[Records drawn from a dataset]
=-=-=
(* Let $M\in\mathbb{N}$, $N\ge0$, and let $\mathcal{G}=(\mathcal{V},\mathcal{E})$ be a countable connected graph of bounded maximal degree. Then $A_N\le 2MV_N$ as operators on $\ell^2(\mathfrak{M}_N)$. Moreover, for any $\mathcal{V}'\subset\mathfrak{M}_N$, letting $A_N'$ be the weighted adjacency operator on the subgraph of $\mathcal{G}^{M,N}$ induced by $\mathcal{V}'$ (i.e. $(A_N'f)(\mathfrak{m})=\sum_{\mathfrak{n}\in\mathcal{V}',\,\mathfrak{n}\sim\mathfrak{m}}w(\mathfrak{m},\mathfrak{n})f(\mathfrak{n})$ for $f\in\ell^2(\mathcal{V}')$, $\mathfrak{m}\in\mathcal{V}'$), we have $A_N'\le 2MV_N\restriction_{\ell^2(\mathcal{V}')}$.
   Context: $\mathfrak{M}_N$ is the set of finitely supported functions $\mathfrak{m}:\mathcal{V}\to\{0,1,\dots,M\}$ with $\sum_x\mathfrak{m}(x)=N$. The graph $\mathcal{G}^{M,N}$ has vertex set $\mathfrak{M}_N$, with $\mathfrak{m}\sim\mathfrak{n}$ iff there is an edge $\{x_+,x_-\}\in\mathcal{E}$ with $\mathfrak{m}(x_\pm)=\mathfrak{n}(x_\pm)\pm1$ and $\mathfrak{m}(z)=\mathfrak{n}(z)$ for all other $z$. For $\mathfrak{m}\sim\mathfrak{n}$, $w(\mathfrak{m},\mathfrak{n})=\prod_{x:\mathfrak{m}(x)\neq\mathfrak{n}(x)}\big(\frac{M}{2}(\mathfrak{m}(x)+\mathfrak{n}(x)+1)-\mathfrak{m}(x)\mathfrak{n}(x)\big)^{1/2}$. $(A_Nf)(\mathfrak{m})=\sum_{\mathfrak{n}\sim\mathfrak{m}}w(\mathfrak{m},\mathfrak{n})f(\mathfrak{n})$ and $V_N$ is multiplication by $V_N(\mathfrak{m})=\sum_{\{x,y\}\in\mathcal{E}}\big(\frac{M}{2}(\mathfrak{m}(x)+\mathfrak{m}(y))-\mathfrak{m}(x)\mathfrak{m}(y)\big)$. *)

From HB Require Import structures.
From mathcomp Require Import all_boot all_order all_algebra finmap.
From mathcomp Require Import all_classical all_reals all_analysis.
From mathcomp Require Import complex.
Import numFieldNormedType.Exports.
Import Order.TTheory GRing.Theory Num.Theory.

Set Implicit Arguments.
Unset Strict Implicit.
Unset Printing Implicit Defensive.

Local Open Scope classical_set_scope.
Local Open Scope ring_scope.
Local Open Scope fset_scope.

(* The complex numbers C = R[i] over a real type R, seen as a numeric closed
   field (so that it carries conjugation, sqrtC, the partial order of
   numeric fields, and the norm topology provided by MathComp-Analysis). *)
Definition Cc (R : realType) : numClosedFieldType := (R[i] : numClosedFieldType).

(* Unordered (net) sums over a choiceType: limit of finite partial sums
   along the filter of finite subsets directed by inclusion. *)
Definition totally {I : choiceType} : set_system {fset I} :=
  filter_from setT (fun A => [set B | A `<=` B]).

Instance totally_filter {I : choiceType} : ProperFilter (@totally I).
Proof.
eapply filter_from_proper; last by move=> A _; exists A; rewrite /= fsubset_refl.
apply: filter_fromT_filter; first by exists fset0.
by move=> A B /=; exists (A `|` B) => P /=; rewrite fsubUset => /andP[].
Qed.

Definition psum {I : choiceType} {K : numFieldType} (x : I -> K) (A : {fset I}) : K :=
  \sum_(i <- A) x i.

Definition usum {I : choiceType} {K : numFieldType} (x : I -> K) : K :=
  lim (fmap (psum x) totally).

Definition ell2_on {I : choiceType} {K : numClosedFieldType} (S : set I) (f : I -> K) : Prop :=
  cvg (fmap (psum (fun i => if `[< S i >] then `|f i| ^+ 2 else 0)) totally).

Section Configurations.
Variables (V : countType) (M N : nat).

Definition is_config (m : {fsfun V -> nat with 0%N}) : bool :=
  all (fun x => m x <= M)%N (finsupp m) && (\sum_(x <- finsupp m) m x == N)%N.

Definition config := {m : {fsfun V -> nat with 0%N} | is_config m}.

Definition cval (m : config) : V -> nat := fun x => (val m) x.

End Configurations.

Section Operators.
Variables (R : realType) (V : countType) (e : rel V) (M N : nat).
Local Notation K := (Cc R).
Local Notation cfg := (config V M N).

Definition cadj (m n : cfg) : Prop :=
  exists xp xm : V, e xp xm /\
    cval m xp = (cval n xp).+1 /\ (cval m xm).+1 = cval n xm /\
    (forall z, z != xp -> z != xm -> cval m z = cval n z).

Definition weight (m n : cfg) : K :=
  \prod_(x <- finsupp (val m) `|` finsupp (val n) | cval m x != cval n x)
     sqrtC ((M%:R / 2) * (cval m x + cval n x + 1)%:R - (cval m x * cval n x)%:R).

Definition adjop (S : set cfg) (f : cfg -> K) (m : cfg) : K :=
  usum (fun n => if `[< S n /\ cadj m n >] then weight m n * f n else 0).

Definition A_N (f : cfg -> K) (m : cfg) : K :=
  usum (fun n => if `[< cadj m n >] then weight m n * f n else 0).

(* V_N(m) = sum over unordered edges {x,y} of (M/2 (m x + m y) - m x m y);
   written as half the sum over ordered pairs (x,y) with e x y *)
Definition V_N (m : cfg) : K :=
  2^-1 * usum (fun p : V * V => if e p.1 p.2 then
       (M%:R / 2) * (cval m p.1 + cval m p.2)%:R - (cval m p.1 * cval m p.2)%:R
     else 0).

(* quadratic forms <f, A f> and <f, V f> on l^2(S) (inner product
   antilinear in the first slot); f is only evaluated on S *)
Definition qform_A (f : cfg -> K) : K :=
  usum (fun m => (f m)^* * A_N f m).

Definition qform_V (f : cfg -> K) : K :=
  usum (fun m => (f m)^* * (V_N m * f m)).

Definition qform_adjop (S : set cfg) (f : cfg -> K) : K :=
  usum (fun m => if `[< S m >] then (f m)^* * adjop S f m else 0).

Definition qform_V_on (S : set cfg) (f : cfg -> K) : K :=
  usum (fun m => if `[< S m >] then (f m)^* * (V_N m * f m) else 0).

End Operators.

Definition simple_graph {V : countType} (e : rel V) : Prop :=
  (forall x y, e x y = e y x) /\ (forall x, ~~ e x x).

Definition connected_graph {V : countType} (e : rel V) : Prop :=
  forall x y : V, exists p : seq V, path e x p /\ last x p = y.

Definition bounded_degree {V : countType} (e : rel V) : Prop :=
  exists D : nat, forall x : V, exists s : seq V,
    (size s <= D)%N /\ (forall y, e x y -> y \in s).

From HB Require Import structures.
From mathcomp Require Import all_boot all_order all_algebra finmap.
From mathcomp Require Import all_classical all_reals all_analysis.
From mathcomp Require Import complex.
From mathcomp Require Import ring lra zify.
Import numFieldNormedType.Exports.
Import Order.TTheory GRing.Theory Num.Theory.

(* The weighted adjacency operator A_N has the kernel k(m, n) = w(m, n), which is
   nonnegative, symmetric and has finitely many nonzero entries in each row, so the Schur
   test bounds <f, A_N f> by sum_m rho(m) |f m|^2, where rho is the row sum of k.  A
   configuration adjacent to m is obtained by moving a particle along an edge x -> y, and
   then w(m, n) <= M m(x) (M - m(y)); since V_N(m) = 1/2 sum_(x ~ y) m(x) (M - m(y)),
   summing over ordered edges gives rho <= 2 M V_N.  The sums over configurations are
   limits of finite partial sums, so their convergence is part of the argument: V_N is
   bounded (at most N particles, bounded degree), hence sum V_N |f|^2 converges for f in
   l^2.  The induced-subgraph case is the full case applied to f extended by zero. *)

Set Implicit Arguments.
Unset Strict Implicit.
Unset Printing Implicit Defensive.

Local Open Scope classical_set_scope.
Local Open Scope ring_scope.

Section SupportSums.
Variables (K : numDomainType) (T : eqType).
Implicit Types (r : seq T) (h : T -> K).

Lemma eq_sum_support r1 r2 h :
  uniq r1 -> uniq r2 -> (forall i, h i != 0 -> (i \in r1) = (i \in r2)) ->
  \sum_(i <- r1) h i = \sum_(i <- r2) h i.
Proof.
move=> u1 u2 h12.
have nz r : \sum_(i <- r) h i = \sum_(i <- [seq i <- r | h i != 0]) h i.
  by rewrite big_filter [RHS]big_mkcond; apply: eq_bigr => i _; case: eqP.
rewrite nz [RHS]nz; apply/perm_big/uniq_perm; rewrite ?filter_uniq // => i.
by rewrite !mem_filter; case: (boolP (h i != 0)) => //= /h12.
Qed.

Lemma ler_sum_support r1 r2 h :
  uniq r1 -> uniq r2 -> (forall i, 0 <= h i) ->
  (forall i, i \in r1 -> h i != 0 -> i \in r2) ->
  \sum_(i <- r1) h i <= \sum_(i <- r2) h i.
Proof.
move=> u1 u2 h0 h12.
rewrite (@eq_sum_support r1 [seq i <- r2 | i \in r1]) ?filter_uniq //; last first.
  by move=> i hi; rewrite mem_filter; case: (boolP (i \in r1)) => //= /h12 ->.
by rewrite big_filter [leRHS](bigID (mem r1)) /= lerDl sumr_ge0.
Qed.

Lemma ler_sum_undup r h : (forall i, 0 <= h i) ->
  \sum_(i <- undup r) h i <= \sum_(i <- r) h i.
Proof.
move=> h0; elim: r => [|x r IH] //=; rewrite big_cons.
by case: ifP => _; rewrite ?big_cons ?lerD // -[leLHS]add0r lerD.
Qed.

End SupportSums.

Section UnorderedSums.
Variables (K : numFieldType) (I : choiceType).
Implicit Types (x h : I -> K) (A B : {fset I}).

Lemma near_totally (P : {fset I} -> Prop) A :
  (forall B, (A `<=` B)%fset -> P B) -> \forall B \near totally, P B.
Proof. by exists A. Qed.

Lemma psum_subset_le h A B : (forall i, 0 <= h i) ->
  (A `<=` B)%fset -> psum h A <= psum h B.
Proof.
move=> h0 /fsubsetP AB.
by apply: ler_sum_support (fset_uniq _) (fset_uniq _) h0 _ => i /AB.
Qed.

Lemma usum_seq x (r : seq I) : uniq r -> (forall i, x i != 0 -> i \in r) ->
  usum x = \sum_(i <- r) x i.
Proof.
move=> ur xr; set A := seq_fset tt r.
have -> : \sum_(i <- r) x i = psum x A.
  by apply: eq_sum_support; rewrite ?fset_uniq // => i _; rewrite seq_fsetE.
apply: cvg_lim; first exact: norm_hausdorff.
apply/cvgrPdist_lt => eps eps_gt0; apply: (near_totally (A := A)) => B AB.
rewrite /psum -(big_fset_incl _ AB) ?subrr ?normr0 // => i _.
by rewrite seq_fsetE; apply: contraNeq => /xr.
Qed.

Lemma usumZl (c : K) x : cvg (psum x @ totally) ->
  usum (fun i => c * x i) = c * usum x.
Proof.
move=> xcvg; rewrite /usum.
have -> : psum (fun i => c * x i) = (fun A => c * psum x A).
  by apply/funext => A; rewrite /psum mulr_sumr.
by apply: cvg_lim; [exact: norm_hausdorff | exact: cvgM (cvg_cst c) xcvg].
Qed.

Lemma lim_totally_le (u v : {fset I} -> K) (a b : K) :
  u @ totally --> a -> v @ totally --> b ->
  (\forall B \near totally, u B <= v B) -> a <= b.
Proof.
move=> ua vb uv.
have vu_ba : (v - u) @ totally --> b - a by apply: cvgB.
have near_norm : {near totally, (fun B => `|(v - u) B|) =1 (v - u)}.
  by apply: filterS uv => B /=; rewrite -subr_ge0 => /ger0_norm.
have vu_norm : (v - u) @ totally --> `|b - a|.
  by apply: cvg_trans (cvg_norm vu_ba); exact: near_eq_cvg.
by rewrite -subr_ge0 -(cvg_unique _ vu_norm vu_ba).
Qed.

Lemma psum_le_lim h (L : K) : (forall i, 0 <= h i) -> psum h @ totally --> L ->
  forall B, psum h B <= L.
Proof.
move=> h0 hL B; apply: (lim_totally_le (cvg_cst (psum h B)) hL).
by apply: (near_totally (A := B)) => B'; exact: psum_subset_le.
Qed.

Lemma psumU h A D : (forall i, i \in D -> i \notin A) ->
  psum h (A `|` D)%fset = psum h A + psum h D.
Proof.
move=> DA; rewrite /psum -big_cat; apply/perm_big/uniq_perm.
- exact: fset_uniq.
- by rewrite cat_uniq !fset_uniq /= andbT; apply/hasPn => i /DA.
- by move=> i; rewrite in_fsetU mem_cat.
Qed.

Lemma psum_tail_lt h (L : K) : (forall i, 0 <= h i) -> psum h @ totally --> L ->
  forall d, 0 < d -> exists A, forall D, (forall i, i \in D -> i \notin A) ->
  psum h D < d.
Proof.
move=> h0 hL d d_gt0; have /cvgrPdist_lt/(_ d d_gt0) [A _ nearL] := hL.
exists A => D DA; apply: le_lt_trans (nearL A (fsubset_refl A)).
have le_L := psum_le_lim h0 hL (A `|` D)%fset; rewrite psumU // in le_L.
have L_ge0 : 0 <= L by have := psum_le_lim h0 hL fset0; rewrite /psum big_seq_fset0.
have L_real : L - psum h A \is Num.real by rewrite rpredB ?ger0_real ?sumr_ge0.
by apply: le_trans (real_ler_norm L_real); rewrite lerBrDl.
Qed.

End UnorderedSums.

Section ComplexUnorderedSums.
Variables (R : realType) (I : choiceType).
Local Notation C := (Cc R).
Local Open Scope complex_scope.
Implicit Types (x h : I -> C) (c : C).

Lemma normc_real (y : R) : `|y%:C| = `|y|%:C :> C.
Proof. by rewrite normc_def /= expr0n addr0 sqrtr_sqr. Qed.

Lemma normc_ge_Im (z : C) : `|complex.Im z|%:C <= `|z|.
Proof.
rewrite normc_def lecR -sqrtr_sqr ler_sqrt ?addr_ge0 ?sqr_ge0 //.
by rewrite lerDr sqr_ge0.
Qed.

Lemma cvg_psum_ge0 h c : (forall i, 0 <= h i) -> (forall B, psum h B <= c) ->
  cvg (psum h @ totally).
Proof.
move=> h0 hc.
have psum_ge0 B : 0 <= psum h B by apply: sumr_ge0.
pose E := [set complex.Re (psum h B) | B in [set: {fset I}]].
have E_sup : has_sup E.
  split; first by exists (complex.Re (psum h fset0)), fset0.
  exists (complex.Re c) => _ [B _ <-].
  by have := hc B; rewrite lecE => /andP[].
apply/cvg_ex; exists (sup E)%:C; apply/cvgrPdist_lt => eps eps_gt0.
have Reeps_gt0 : 0 < complex.Re eps by move: eps_gt0; rewrite ltcE => /andP[].
have [_ [B0 _ <-] B0_sup] := sup_adherent Reeps_gt0 E_sup.
apply: (near_totally (A := B0)) => B B0B.
have le_B0B : complex.Re (psum h B0) <= complex.Re (psum h B).
  by have := psum_subset_le h0 B0B; rewrite lecE => /andP[].
have le_sup : complex.Re (psum h B) <= sup E by apply: sup_upper_bound => //; exists B.
rewrite -(RRe_real (ger0_real (psum_ge0 B))) -(RRe_real (ger0_real (ltW eps_gt0))).
rewrite -rmorphB normc_real ltcR ger0_norm ?subr_ge0 //; lra.
Qed.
=-=-=
TASK GOAL: Lines in the records above that contain the word "notin" need to be counted; the reply is that number and nothing else.

RESPONSE: 2